Four years ago, Swaminathan and colleagues went on a search to find a drug not to kill EBV – the bug is too firmly embedded in our cells to hope for that – but to stop it from reactivating. It’s when EBV awakens from its latent state and begins reactivating that it becomes the most dangerous. If Swaminathan could stop EBV from doing that he would have achieved a momentous goal.

He had an important clue. He knew that EBV (and other herpesviruses) produced a protein called SM that played a critical role in the early stages of EBV reactivation. He also knew that current slate of herpesvirus drugs left SM untouched – suggesting the protein presented a new possibility for a new herpesvirus drug.

The Study

Verma D, Thompson J, Swaminathan S. Spironolactone blocks Epstein-Barr virus production by inhibiting EBV SM protein function. Proc Natl Acad Sci U S A. 2016;113(13):3609-3614. doi:10.1073/pnas.1523686113

“It’s remarkable that a drug we have used safely in the clinic for over 50 years is also an effective EBV inhibitor. It goes to show how basic research can reveal things we would never have found otherwise”  Swaminathan

His team found a way to target the protein, and then created an assay that allowed them to screen compounds for antiviral activity.

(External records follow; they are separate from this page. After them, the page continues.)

(* For every real $x>1$, $$\mathcal L\left(\frac{1}{\left(x+\sqrt{x^2-1}\right)^2}\right)=\sum_{m=1}^{\infty}\mathcal L\left(\frac{1}{U_m(x)^2}\right),$$ where $U_m$ is the $m$-th Chebyshev polynomial of the second kind.
   Context: $\mathcal L$ is the Rogers dilogarithm: for real $z\le1$, $\mathcal L(z)=\mathrm{Li}_2(z)+\tfrac12\log|z|\log(1-z)$, where $\mathrm{Li}_2(z)=\sum_{m\ge1}z^m/m^2$. The Chebyshev polynomials of the second kind $U_m\in\mathbb Z[x]$ are determined by $U_m(\cos\theta)=\sin((m+1)\theta)/\sin\theta$. *)

From Stdlib Require Import Reals ClassicalEpsilon.
Open Scope R_scope.

(* Li_2(z) = sum_{m>=1} z^m / m^2, taken as the sum of the (convergent for |z|<=1)
   series; chosen via epsilon (the value is unique whenever the series converges). *)
Definition Li2 (z : R) : R :=
  epsilon (inhabits 0)
    (fun l => infinite_sum (fun n => z ^ (S n) / (INR (S n)) ^ 2) l).

Definition rogersL (z : R) : R :=
  Li2 z + / 2 * ln (Rabs z) * ln (1 - z).

(* Chebyshev polynomials of the second kind, evaluated at x:
   U_0 = 1, U_1 = 2x, U_{m+2} = 2x U_{m+1} - U_m. *)
Fixpoint chebU_pair (m : nat) (x : R) : R * R :=
  match m with
  | O => (1, 2 * x)
  | S k => let p := chebU_pair k x in (snd p, 2 * x * snd p - fst p)
  end.

Definition chebU (m : nat) (x : R) : R := fst (chebU_pair m x).

(* The Rogers dilogarithm L has derivative -(ln(1-z)/z + ln z/(1-z))/2 on (0, 1); this makes
   the defect of Abel's five-term relation
     L(x) + L(y) = L(xy) + L(x(1-y)/(1-xy)) + L(y(1-x)/(1-xy))
   constant in x, and it vanishes in the limit x -> 0, where L(x) -> 0.  For 0 < r < 1 put
   A_n = (1-r)/(1-r^(n+2)) and B_n = r^(n+1) A_n.  The five-term relation at (A_n, B_n) reads
     L(A_n) + L(B_n) = L(r^(n+1) A_n^2) + L(A_(n+1)) + L(B_(n+1)),
   so the series telescopes: L(A_0) + L(B_0) = L(r) + L(1-r) by the reflection formula, and
   L(A_n) + L(B_n) -> L(1-r).  Finally, with q = x - sqrt(x^2-1) and r = q^2, one has
   U_m(x) = (q^-(m+1) - q^(m+1))/(q^-1 - q), hence 1/U_(n+1)(x)^2 = r^(n+1) A_n^2, while
   1/(x + sqrt(x^2-1))^2 = r. *)

From Coquelicot Require Import Coquelicot.
From Stdlib Require Import Reals Lra ClassicalEpsilon FunctionalExtensionality.
Open Scope R_scope.

(* [neglog1m_coef n = 1 / n] and [dilog_coef n = 1 / n ^ 2] (both [0] at [n = 0]): the Taylor
   coefficients of [- ln (1 - z)] and of [Li2 z]. *)
Definition neglog1m_coef : nat -> R := PS_Int (fun _ => 1).
Definition dilog_coef : nat -> R := PS_Int (PS_decr_1 neglog1m_coef).

Lemma CV_radius_const_1 : CV_radius (fun _ => 1) = 1.
Proof.
  rewrite (CV_radius_finite_DAlembert _ 1); try (intros; lra).
  - f_equal; apply Rinv_1.
  - apply is_lim_seq_ext with (u := fun _ => 1); [|apply is_lim_seq_const].
    intros n; rewrite Rdiv_1_r; symmetry; apply Rabs_R1.
Qed.

Lemma CV_radius_neglog1m_coef : CV_radius neglog1m_coef = 1.
Proof. unfold neglog1m_coef; now rewrite CV_radius_Int, CV_radius_const_1. Qed.

Lemma CV_radius_dilog_coef : CV_radius dilog_coef = 1.
Proof.
  unfold dilog_coef; now rewrite CV_radius_Int, CV_radius_decr_1, CV_radius_neglog1m_coef.
Qed.

Lemma pow_gt0_le1 (r : R) (n : nat) : 0 < r <= 1 -> 0 < r ^ n <= 1.
Proof. intros Hr; induction n; simpl; nra. Qed.

Lemma continuity_pt_of_ex_derive (f : R -> R) (x : R) : ex_derive f x -> continuity_pt f x.
Proof.
  intros Hf; apply continuity_pt_filterlim.
  now apply (@ex_derive_continuous R_AbsRing R_NormedModule).
Qed.

Lemma is_lim_seq_comp_ex_derive (f : R -> R) (u : nat -> R) (l : R) :
  ex_derive f l -> is_lim_seq u l -> is_lim_seq (fun n => f (u n)) (f l).
Proof. intros Hf; apply is_lim_seq_continuous, continuity_pt_of_ex_derive, Hf. Qed.

Lemma is_derive_0_eq_on_interval (f : R -> R) (lo hi : R) :
  (forall t, lo < t < hi -> is_derive f t 0) ->
  forall a b, lo < a < hi -> lo < b < hi -> f a = f b.
Proof.
  intros Hf a b Ha Hb.
  assert (Hin : forall t, Rmin a b <= t <= Rmax a b -> lo < t < hi).
  { intros t Ht; split.
    - apply Rlt_le_trans with (Rmin a b); [apply Rmin_glb_lt|]; lra.
    - apply Rle_lt_trans with (Rmax a b); [|apply Rmax_lub_lt]; lra. }
  destruct (MVT_gen f a b (fun _ => 0)) as [c [_ Hc]].
  - intros t Ht; apply Hf, Hin; lra.
  - intros t Ht; apply continuity_pt_of_ex_derive; exists 0; apply Hf, Hin, Ht.
  - lra.
Qed.

Lemma Li2_PSeries (z : R) : Rabs z < 1 -> Li2 z = PSeries dilog_coef z.
Proof.
  intros Hz.
  assert (Hin : Rbar_lt (Rabs z) (CV_radius dilog_coef)) by now rewrite CV_radius_dilog_coef.
  assert (Hsum : is_series (fun n => z ^ S n / INR (S n) ^ 2) (PSeries dilog_coef z)).
  { pose proof (PSeries_correct _ _ (CV_radius_inside _ _ Hin)) as Hp.
    apply (is_series_ext (fun n => scal (pow_n z (S n)) (dilog_coef (S n)))).
    { intros n; rewrite pow_n_pow; unfold dilog_coef, neglog1m_coef, PS_Int, PS_decr_1.
      change (z ^ S n * (1 / INR (S n) / INR (S n)) = z ^ S n / INR (S n) ^ 2).
      field; apply not_0_INR; discriminate. }
    apply (@is_series_incr_1 R_AbsRing R_NormedModule
             (fun k => scal (pow_n z k) (dilog_coef k))).
    replace (plus _ _) with (PSeries dilog_coef z); [exact Hp|].
    change (PSeries dilog_coef z = PSeries dilog_coef z + 1 * 0); ring. }
  unfold Li2; apply (uniqueness_sum (fun n => z ^ S n / INR (S n) ^ 2));
    [apply epsilon_spec; exists (PSeries dilog_coef z)|]; now apply is_series_Reals.
Qed.

Lemma is_derive_PSeries_Int (a : nat -> R) (z : R) :
  Rbar_lt (Rabs z) (CV_radius a) -> is_derive (PSeries (PS_Int a)) z (PSeries a z).
Proof.
  intros Hz.
  assert (Hd : PSeries (PS_derive (PS_Int a)) z = PSeries a z).
  { apply PSeries_ext; intros n; unfold PS_derive, PS_Int.
    field; apply not_0_INR; discriminate. }
  rewrite <- Hd; apply is_derive_PSeries; now rewrite CV_radius_Int.
Qed.

Lemma PSeries_neglog1m (z : R) : Rabs z < 1 -> PSeries neglog1m_coef z = - ln (1 - z).
Proof.
  intros Hz.
  assert (Hconst : forall t, -1 < t < 1 ->
            is_derive (fun t => PSeries neglog1m_coef t + ln (1 - t)) t 0).
  { intros t Ht.
    assert (Hgeom : PSeries (fun _ => 1) t = / (1 - t)).
    { apply is_series_unique, (is_series_ext (fun n => t ^ n)).
      - intros n; rewrite <- pow_n_pow; symmetry; apply Rmult_1_l.
      - apply is_series_geom; apply Rabs_def1; lra. }
    replace 0 with (/ (1 - t) + (-1) * / (1 - t)) by ring.
    apply (is_derive_plus (PSeries neglog1m_coef)).
    - rewrite <- Hgeom; apply is_derive_PSeries_Int.
      rewrite CV_radius_const_1; apply Rabs_def1; lra.
    - apply (is_derive_comp ln (fun t => 1 - t)); [apply is_derive_ln; lra|].
      auto_derive; auto; ring. }
  assert (Hz' : -1 < z < 1) by (apply Rabs_def2 in Hz; lra).
  pose proof (is_derive_0_eq_on_interval _ (-1) 1 Hconst z 0 Hz' ltac:(lra)) as E.
  simpl in E; rewrite (PSeries_0 neglog1m_coef), Rminus_0_r, ln_1 in E.
  simpl in E; lra.
Qed.

Lemma is_derive_PSeries_dilog (z : R) : Rabs z < 1 -> z <> 0 ->
  is_derive (PSeries dilog_coef) z (- ln (1 - z) / z).
Proof.
  intros Hz Hz0.
  replace (- ln (1 - z) / z) with (PSeries (PS_decr_1 neglog1m_coef) z).
  - apply is_derive_PSeries_Int.
    now rewrite CV_radius_decr_1, CV_radius_neglog1m_coef.
  - rewrite <- PSeries_neglog1m, (PSeries_decr_1_aux neglog1m_coef z) by auto.
    field; auto.
Qed.

(* A model of [rogersL] on (0, 1) that can be differentiated, with [Li2] replaced by its power
   series; it also extends [rogersL] continuously to [0]. *)
Definition rogersL_ps (z : R) : R := PSeries dilog_coef z + / 2 * ln z * ln (1 - z).

Definition rogersL_derive (z : R) : R := - / 2 * (ln (1 - z) / z + ln z / (1 - z)).

Lemma rogersL_ps_eq (z : R) : 0 < z < 1 -> rogersL z = rogersL_ps z.
Proof.
  intros Hz; unfold rogersL, rogersL_ps.
  rewrite Li2_PSeries, Rabs_pos_eq; try lra.
  rewrite Rabs_pos_eq; lra.
Qed.

Lemma is_derive_rogersL_ps (z : R) : 0 < z < 1 -> is_derive rogersL_ps z (rogersL_derive z).
Proof.
  intros Hz.
  replace (rogersL_derive z)
    with (- ln (1 - z) / z + / 2 * (/ z * ln (1 - z) - ln z / (1 - z))).
  - apply (is_derive_plus (PSeries dilog_coef)).
    + apply is_derive_PSeries_dilog; [rewrite Rabs_pos_eq|]; lra.
    + auto_derive; [lra | unfold Rminus; field; lra].
  - unfold rogersL_derive; field; lra.
Qed.

Lemma continuity_pt_rogersL_ps (z : R) : 0 < z < 1 -> continuity_pt rogersL_ps z.
Proof.
  intros Hz; apply continuity_pt_of_ex_derive.
  exists (rogersL_derive z); now apply is_derive_rogersL_ps.
Qed.

Lemma ln_le_sub_1 (t : R) : 0 < t -> ln t <= t - 1.
Proof.
  intros Ht; rewrite <- (ln_exp (t - 1)); apply ln_le; auto.
  pose proof (exp_ineq1_le (t - 1)); lra.
Qed.

Lemma Rabs_ln_mul_ln_1m_le (z : R) : 0 < z <= / 2 -> Rabs (ln z * ln (1 - z)) <= 4 * sqrt z.
Proof.
  intros Hz; set (s := sqrt z).
  assert (Hs : 0 < s) by (apply sqrt_lt_R0; lra).
  assert (Hss : s * s = z) by (apply sqrt_sqrt; lra).
  assert (Hs1 : s <= 1) by nra.
  assert (Hln_z : ln z = 2 * ln s) by (rewrite <- Hss, ln_mult; lra).
  assert (Hln_s : - ln s * s <= 1).
  { assert (- ln s <= / s - 1)
      by (rewrite <- ln_Rinv by lra; apply ln_le_sub_1, Rinv_0_lt_compat, Hs).
    apply Rmult_le_reg_r with (/ s); [apply Rinv_0_lt_compat; lra|].
    rewrite Rmult_assoc, Rinv_r; lra. }
  assert (Hln_1m : - ln (1 - z) <= 2 * z).
  { rewrite <- ln_Rinv by lra.
    apply Rle_trans with (/ (1 - z) - 1); [apply ln_le_sub_1, Rinv_0_lt_compat; lra|].
    apply Rmult_le_reg_r with (1 - z); [lra|].
    rewrite Rmult_minus_distr_r, Rinv_l; nra. }
  assert (ln s <= 0) by (rewrite <- ln_1; apply ln_le; lra).
  assert (ln (1 - z) <= 0) by (rewrite <- ln_1; apply ln_le; lra).
  rewrite Rabs_pos_eq, Hln_z by nra.
  rewrite <- Hss in *; nra.
Qed.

Then came the surprise – spironolactone – a 50 year old drug knocked EBV down. The drug not only stopped EBV from forming the capsid or top layer of EBV that it needs to replicate, but it also blocked the expression of genes the virus used to replicate as well.

aldactone - spironolactone

No one suspected that a kidney drug of all things might hold the key to beating EBV. (Aldactone – brand name for spironolactone)

Spironolactone, though, has never been known as a antiviral. Far from it – it’s a mineralocorticoid receptor antagonist used to treat kidney disease, heart failure and edema.

The researchers found that its mineralocorticoid antagonist properties weren’t suppressing EBV – something else was.  Although, the researchers were unsure just how it was doing it, it was clear the drug doing something to EBV that no other drug had done. It had the potential to open a new era of more effective herpesvirus treatments.

Spironolactone, itself wasn’t the answer. While it’s been used for decades it can have significant side-effects. Besides some potentially toxic effects, it also increases the secretion of salts – something that salt craving ME/CFS patients might not find so beneficial.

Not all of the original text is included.